(Dataset entries)
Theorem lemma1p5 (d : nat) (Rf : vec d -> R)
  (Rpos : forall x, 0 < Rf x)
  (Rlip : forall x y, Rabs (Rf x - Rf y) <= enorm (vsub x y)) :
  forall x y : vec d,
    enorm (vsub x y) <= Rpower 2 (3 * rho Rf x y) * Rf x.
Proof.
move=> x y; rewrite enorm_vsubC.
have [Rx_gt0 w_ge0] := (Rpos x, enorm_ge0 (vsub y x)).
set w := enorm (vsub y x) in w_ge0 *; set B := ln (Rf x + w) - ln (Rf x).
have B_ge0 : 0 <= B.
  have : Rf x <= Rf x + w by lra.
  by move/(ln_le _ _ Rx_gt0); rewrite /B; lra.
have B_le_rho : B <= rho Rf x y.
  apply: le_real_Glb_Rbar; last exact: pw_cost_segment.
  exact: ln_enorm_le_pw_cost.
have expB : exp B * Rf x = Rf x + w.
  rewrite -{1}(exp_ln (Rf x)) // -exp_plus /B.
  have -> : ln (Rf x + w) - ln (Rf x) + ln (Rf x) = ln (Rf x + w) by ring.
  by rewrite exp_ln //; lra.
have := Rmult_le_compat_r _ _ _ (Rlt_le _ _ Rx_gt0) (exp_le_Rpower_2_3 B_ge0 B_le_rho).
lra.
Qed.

==

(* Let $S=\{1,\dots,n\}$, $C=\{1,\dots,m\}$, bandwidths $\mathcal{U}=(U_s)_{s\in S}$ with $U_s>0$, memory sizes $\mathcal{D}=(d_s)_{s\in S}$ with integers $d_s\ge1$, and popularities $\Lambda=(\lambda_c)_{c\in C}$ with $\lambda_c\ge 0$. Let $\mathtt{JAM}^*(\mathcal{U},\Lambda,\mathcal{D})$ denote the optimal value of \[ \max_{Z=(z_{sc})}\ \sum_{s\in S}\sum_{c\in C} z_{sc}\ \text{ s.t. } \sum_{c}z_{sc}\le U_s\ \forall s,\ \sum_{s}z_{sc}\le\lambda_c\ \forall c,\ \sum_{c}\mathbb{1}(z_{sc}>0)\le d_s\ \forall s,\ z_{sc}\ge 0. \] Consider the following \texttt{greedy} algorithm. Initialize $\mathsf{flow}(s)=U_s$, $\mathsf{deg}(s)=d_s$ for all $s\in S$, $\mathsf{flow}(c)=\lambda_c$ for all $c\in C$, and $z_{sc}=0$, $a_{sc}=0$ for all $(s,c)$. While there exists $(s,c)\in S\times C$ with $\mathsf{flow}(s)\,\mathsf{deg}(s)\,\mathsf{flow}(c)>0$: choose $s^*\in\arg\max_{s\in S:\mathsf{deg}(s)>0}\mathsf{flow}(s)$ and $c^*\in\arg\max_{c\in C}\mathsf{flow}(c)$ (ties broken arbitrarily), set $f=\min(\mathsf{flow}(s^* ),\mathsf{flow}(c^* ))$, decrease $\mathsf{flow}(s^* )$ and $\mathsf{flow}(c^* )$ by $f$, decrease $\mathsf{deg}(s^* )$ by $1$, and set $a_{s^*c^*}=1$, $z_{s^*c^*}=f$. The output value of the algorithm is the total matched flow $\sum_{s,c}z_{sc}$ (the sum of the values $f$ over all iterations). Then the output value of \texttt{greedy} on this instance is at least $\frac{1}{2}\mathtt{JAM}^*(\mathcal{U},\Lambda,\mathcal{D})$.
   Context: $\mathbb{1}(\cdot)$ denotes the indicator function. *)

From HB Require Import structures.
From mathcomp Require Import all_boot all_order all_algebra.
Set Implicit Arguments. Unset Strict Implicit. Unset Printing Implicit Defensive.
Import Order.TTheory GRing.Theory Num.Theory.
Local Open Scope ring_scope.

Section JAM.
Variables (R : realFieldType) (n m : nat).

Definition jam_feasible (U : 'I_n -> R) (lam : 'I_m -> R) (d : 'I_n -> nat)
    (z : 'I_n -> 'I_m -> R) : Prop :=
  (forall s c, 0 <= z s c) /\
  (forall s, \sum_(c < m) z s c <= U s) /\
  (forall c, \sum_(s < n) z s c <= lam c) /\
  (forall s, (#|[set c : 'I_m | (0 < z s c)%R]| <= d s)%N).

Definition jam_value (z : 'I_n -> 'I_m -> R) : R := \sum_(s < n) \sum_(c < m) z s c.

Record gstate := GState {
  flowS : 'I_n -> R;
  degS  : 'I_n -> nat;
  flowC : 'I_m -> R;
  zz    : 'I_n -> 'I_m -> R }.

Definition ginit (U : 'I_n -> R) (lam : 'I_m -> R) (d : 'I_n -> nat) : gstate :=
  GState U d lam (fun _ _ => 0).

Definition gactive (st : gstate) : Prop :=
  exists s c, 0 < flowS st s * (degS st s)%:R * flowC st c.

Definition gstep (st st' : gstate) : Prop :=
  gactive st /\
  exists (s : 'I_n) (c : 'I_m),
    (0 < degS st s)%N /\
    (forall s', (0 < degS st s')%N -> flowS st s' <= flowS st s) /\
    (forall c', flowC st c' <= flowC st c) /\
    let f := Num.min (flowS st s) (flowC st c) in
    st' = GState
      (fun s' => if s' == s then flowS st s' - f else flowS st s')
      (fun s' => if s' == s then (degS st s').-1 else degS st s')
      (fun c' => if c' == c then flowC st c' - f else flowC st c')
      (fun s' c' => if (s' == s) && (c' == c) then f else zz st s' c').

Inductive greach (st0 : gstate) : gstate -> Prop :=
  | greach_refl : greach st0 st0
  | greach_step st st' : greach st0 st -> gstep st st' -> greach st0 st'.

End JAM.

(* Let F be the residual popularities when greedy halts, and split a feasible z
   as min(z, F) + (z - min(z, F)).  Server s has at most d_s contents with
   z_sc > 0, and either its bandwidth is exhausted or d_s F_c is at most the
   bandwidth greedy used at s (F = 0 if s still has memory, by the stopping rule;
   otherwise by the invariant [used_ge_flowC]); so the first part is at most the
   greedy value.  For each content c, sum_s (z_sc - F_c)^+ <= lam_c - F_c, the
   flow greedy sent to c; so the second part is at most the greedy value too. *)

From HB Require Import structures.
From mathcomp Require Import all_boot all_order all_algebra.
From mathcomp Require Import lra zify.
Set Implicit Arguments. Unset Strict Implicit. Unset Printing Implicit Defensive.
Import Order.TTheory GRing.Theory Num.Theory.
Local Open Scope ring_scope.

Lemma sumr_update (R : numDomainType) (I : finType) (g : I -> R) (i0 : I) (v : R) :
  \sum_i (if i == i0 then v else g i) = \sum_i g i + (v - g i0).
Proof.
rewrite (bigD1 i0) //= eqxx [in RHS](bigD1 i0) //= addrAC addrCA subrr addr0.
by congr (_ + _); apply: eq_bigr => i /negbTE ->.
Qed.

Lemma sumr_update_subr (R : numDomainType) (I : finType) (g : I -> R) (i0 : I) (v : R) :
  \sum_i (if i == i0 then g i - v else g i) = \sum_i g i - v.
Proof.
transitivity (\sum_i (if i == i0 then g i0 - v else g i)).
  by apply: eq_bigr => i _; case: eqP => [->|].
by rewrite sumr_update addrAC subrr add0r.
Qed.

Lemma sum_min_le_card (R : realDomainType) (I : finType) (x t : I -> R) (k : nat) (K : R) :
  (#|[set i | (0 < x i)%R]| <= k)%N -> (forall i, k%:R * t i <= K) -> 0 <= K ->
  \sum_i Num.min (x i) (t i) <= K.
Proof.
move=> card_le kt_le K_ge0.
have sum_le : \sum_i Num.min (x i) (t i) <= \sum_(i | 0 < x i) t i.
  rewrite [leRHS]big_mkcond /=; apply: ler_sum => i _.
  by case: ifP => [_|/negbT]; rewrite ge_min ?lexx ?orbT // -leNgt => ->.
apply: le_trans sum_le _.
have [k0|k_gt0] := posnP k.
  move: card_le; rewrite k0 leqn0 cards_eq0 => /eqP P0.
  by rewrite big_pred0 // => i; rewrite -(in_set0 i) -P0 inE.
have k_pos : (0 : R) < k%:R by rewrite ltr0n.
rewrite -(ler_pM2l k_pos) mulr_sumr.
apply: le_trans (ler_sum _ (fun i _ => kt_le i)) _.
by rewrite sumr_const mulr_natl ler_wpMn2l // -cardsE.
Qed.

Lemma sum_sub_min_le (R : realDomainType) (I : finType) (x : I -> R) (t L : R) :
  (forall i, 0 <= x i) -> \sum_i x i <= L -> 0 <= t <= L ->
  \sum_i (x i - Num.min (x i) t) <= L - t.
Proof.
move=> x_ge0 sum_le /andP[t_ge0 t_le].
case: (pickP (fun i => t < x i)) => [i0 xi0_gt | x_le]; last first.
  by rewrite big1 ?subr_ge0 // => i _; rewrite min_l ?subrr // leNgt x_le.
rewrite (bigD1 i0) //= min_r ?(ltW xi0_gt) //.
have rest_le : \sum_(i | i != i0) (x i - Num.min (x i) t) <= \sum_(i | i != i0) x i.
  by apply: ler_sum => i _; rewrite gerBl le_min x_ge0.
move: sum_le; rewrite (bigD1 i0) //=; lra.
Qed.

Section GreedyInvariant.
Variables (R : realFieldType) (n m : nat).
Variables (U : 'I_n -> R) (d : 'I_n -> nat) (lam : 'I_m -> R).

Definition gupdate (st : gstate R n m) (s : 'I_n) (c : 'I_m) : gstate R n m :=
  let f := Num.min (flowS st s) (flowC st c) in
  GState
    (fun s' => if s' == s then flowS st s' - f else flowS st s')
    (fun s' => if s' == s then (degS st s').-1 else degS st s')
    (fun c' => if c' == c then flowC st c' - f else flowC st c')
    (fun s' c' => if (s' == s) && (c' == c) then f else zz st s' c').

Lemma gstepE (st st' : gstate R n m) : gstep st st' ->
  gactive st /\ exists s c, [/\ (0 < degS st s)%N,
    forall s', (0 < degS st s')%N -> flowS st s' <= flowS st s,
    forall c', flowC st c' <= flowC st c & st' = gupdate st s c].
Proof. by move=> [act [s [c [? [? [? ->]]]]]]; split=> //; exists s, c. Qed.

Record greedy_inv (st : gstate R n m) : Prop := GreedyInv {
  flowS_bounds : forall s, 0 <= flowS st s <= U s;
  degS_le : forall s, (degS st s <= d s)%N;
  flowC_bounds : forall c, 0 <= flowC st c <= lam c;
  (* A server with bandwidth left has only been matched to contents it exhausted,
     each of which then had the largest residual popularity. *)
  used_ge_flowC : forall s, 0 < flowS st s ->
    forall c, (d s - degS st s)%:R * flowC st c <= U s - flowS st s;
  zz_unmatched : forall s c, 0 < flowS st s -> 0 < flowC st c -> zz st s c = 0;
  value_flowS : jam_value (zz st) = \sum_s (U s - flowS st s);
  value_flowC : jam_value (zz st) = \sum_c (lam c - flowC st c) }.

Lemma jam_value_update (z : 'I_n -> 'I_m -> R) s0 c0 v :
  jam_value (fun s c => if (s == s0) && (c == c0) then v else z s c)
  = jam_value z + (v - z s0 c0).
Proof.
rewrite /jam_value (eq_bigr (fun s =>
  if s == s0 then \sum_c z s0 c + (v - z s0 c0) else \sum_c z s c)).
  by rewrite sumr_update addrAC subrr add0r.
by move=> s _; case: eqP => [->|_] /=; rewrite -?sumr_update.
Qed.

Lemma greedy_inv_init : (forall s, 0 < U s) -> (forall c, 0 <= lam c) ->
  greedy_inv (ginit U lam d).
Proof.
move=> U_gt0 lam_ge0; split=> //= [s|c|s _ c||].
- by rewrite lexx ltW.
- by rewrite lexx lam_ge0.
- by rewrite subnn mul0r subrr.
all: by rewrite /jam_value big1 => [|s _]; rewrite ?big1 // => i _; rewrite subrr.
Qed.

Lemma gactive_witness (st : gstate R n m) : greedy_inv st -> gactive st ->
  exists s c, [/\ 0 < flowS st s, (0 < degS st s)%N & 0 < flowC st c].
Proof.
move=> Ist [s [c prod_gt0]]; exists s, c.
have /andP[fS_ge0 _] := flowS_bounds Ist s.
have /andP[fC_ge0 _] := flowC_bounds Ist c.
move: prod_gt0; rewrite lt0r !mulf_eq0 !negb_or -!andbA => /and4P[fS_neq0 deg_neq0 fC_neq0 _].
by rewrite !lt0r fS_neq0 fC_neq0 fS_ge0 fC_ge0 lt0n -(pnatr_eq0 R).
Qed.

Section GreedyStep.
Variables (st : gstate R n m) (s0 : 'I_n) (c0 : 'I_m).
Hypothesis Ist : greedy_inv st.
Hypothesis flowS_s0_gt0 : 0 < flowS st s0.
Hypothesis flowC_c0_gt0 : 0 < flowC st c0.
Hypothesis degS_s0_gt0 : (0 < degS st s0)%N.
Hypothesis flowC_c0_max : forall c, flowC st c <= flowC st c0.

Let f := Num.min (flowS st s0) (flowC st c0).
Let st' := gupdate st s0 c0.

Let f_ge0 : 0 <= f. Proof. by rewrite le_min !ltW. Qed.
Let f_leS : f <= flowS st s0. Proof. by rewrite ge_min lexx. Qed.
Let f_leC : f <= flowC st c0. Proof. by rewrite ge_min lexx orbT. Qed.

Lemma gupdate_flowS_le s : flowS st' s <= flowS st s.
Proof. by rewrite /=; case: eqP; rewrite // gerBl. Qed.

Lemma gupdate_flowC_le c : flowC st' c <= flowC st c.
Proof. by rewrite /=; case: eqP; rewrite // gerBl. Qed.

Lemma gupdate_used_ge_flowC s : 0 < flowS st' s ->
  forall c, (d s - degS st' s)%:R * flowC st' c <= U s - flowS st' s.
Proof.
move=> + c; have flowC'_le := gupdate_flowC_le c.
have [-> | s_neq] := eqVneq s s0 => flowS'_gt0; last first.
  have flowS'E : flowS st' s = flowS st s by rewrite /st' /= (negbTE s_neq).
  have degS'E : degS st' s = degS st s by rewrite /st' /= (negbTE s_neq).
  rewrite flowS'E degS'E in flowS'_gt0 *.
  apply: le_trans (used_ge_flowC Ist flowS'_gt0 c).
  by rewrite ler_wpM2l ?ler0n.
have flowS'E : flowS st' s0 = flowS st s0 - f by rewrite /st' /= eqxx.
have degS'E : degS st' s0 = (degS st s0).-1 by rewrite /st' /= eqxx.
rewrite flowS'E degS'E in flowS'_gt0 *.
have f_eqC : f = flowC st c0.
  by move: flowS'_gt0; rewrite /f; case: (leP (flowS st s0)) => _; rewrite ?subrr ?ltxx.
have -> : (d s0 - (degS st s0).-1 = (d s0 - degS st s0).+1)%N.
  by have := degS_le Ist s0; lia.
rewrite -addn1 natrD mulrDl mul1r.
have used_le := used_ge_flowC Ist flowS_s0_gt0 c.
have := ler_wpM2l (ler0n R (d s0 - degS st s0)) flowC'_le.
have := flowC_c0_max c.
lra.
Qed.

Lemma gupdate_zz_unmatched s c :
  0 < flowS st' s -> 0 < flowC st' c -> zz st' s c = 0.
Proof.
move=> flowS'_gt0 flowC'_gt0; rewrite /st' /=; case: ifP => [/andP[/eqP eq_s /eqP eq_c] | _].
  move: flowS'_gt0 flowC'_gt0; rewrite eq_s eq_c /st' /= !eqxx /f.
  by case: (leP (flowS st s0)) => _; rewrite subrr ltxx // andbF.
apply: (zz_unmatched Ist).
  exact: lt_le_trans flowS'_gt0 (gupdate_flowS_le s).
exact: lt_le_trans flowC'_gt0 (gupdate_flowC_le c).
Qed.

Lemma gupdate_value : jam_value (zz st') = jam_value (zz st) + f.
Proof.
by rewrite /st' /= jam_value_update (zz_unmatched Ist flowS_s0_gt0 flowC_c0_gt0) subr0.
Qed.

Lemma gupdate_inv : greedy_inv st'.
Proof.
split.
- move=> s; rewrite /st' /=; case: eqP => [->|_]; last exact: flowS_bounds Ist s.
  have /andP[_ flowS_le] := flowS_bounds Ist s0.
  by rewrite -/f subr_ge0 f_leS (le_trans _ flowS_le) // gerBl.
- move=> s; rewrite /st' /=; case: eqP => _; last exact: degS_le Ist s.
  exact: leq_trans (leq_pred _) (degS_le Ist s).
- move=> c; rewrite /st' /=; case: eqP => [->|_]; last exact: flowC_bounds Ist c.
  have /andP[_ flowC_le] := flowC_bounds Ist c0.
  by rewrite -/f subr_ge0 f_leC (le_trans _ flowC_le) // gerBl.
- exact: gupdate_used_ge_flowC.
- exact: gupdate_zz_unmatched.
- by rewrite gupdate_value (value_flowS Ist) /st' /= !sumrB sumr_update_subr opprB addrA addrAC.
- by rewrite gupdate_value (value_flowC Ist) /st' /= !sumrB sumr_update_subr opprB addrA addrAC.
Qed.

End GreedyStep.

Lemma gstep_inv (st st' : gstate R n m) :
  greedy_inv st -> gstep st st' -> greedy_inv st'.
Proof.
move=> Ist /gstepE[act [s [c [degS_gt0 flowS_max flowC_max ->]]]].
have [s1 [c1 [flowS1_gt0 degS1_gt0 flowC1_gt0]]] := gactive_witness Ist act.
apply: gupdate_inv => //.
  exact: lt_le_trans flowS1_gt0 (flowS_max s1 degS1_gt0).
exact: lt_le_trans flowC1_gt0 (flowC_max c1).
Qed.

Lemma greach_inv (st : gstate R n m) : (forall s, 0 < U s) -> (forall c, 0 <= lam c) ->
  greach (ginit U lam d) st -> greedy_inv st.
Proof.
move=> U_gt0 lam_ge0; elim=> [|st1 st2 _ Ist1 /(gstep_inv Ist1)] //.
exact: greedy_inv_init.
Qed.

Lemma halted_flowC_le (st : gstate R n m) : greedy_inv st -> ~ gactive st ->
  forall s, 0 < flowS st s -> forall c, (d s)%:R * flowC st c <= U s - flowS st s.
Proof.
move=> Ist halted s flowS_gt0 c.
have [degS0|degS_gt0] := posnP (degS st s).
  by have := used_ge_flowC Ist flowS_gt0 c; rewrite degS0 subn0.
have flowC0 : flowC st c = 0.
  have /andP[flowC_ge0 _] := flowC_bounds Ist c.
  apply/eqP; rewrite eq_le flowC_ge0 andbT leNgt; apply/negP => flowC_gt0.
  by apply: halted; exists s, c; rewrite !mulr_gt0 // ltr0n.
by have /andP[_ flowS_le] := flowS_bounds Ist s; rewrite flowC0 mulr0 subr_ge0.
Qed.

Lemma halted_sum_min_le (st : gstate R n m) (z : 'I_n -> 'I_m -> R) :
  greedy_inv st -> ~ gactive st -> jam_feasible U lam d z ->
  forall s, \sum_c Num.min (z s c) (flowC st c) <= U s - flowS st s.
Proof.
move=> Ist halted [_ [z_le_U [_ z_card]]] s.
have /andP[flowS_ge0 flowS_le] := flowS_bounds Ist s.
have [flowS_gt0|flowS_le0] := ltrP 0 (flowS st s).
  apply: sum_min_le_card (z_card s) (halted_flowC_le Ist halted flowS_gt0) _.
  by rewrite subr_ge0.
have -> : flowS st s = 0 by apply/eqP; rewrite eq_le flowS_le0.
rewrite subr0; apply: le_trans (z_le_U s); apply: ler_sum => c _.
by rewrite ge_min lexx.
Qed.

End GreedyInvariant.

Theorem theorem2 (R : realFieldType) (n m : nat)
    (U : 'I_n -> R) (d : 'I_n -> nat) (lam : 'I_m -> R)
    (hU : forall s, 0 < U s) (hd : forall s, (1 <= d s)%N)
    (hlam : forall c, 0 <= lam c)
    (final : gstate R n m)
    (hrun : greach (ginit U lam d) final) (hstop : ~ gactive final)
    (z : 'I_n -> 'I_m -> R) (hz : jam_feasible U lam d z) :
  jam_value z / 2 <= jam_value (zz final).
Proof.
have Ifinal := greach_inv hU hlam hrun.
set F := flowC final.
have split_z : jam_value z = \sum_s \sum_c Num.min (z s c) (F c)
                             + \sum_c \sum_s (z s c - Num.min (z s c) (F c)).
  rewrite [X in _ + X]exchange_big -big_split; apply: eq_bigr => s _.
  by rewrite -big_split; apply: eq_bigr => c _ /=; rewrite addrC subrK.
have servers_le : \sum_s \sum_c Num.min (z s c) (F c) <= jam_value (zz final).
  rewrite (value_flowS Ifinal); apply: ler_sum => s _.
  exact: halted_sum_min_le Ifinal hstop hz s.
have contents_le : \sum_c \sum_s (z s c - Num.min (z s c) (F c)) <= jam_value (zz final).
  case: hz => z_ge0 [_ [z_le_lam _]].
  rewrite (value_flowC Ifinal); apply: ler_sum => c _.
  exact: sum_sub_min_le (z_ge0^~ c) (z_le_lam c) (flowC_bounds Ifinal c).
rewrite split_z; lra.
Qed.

§ WORK TASK:
All lines in the records with the string "subrr" should be copied out.

§ OUTPUT OF THE TASK:
rewrite (bigD1 i0) //= eqxx [in RHS](bigD1 i0) //= addrAC addrCA subrr addr0.
by rewrite sumr_update addrAC subrr add0r.
  by rewrite big1 ?subr_ge0 // => i _; rewrite min_l ?subrr // leNgt x_le.
  by rewrite sumr_update addrAC subrr add0r.
- by rewrite subnn mul0r subrr.
all: by rewrite /jam_value big1 => [|s _]; rewrite ?big1 // => i _; rewrite subrr.
  by move: flowS'_gt0; rewrite /f; case: (leP (flowS st s0)) => _; rewrite ?subrr ?ltxx.
  by case: (leP (flowS st s0)) => _; rewrite subrr ltxx // andbF.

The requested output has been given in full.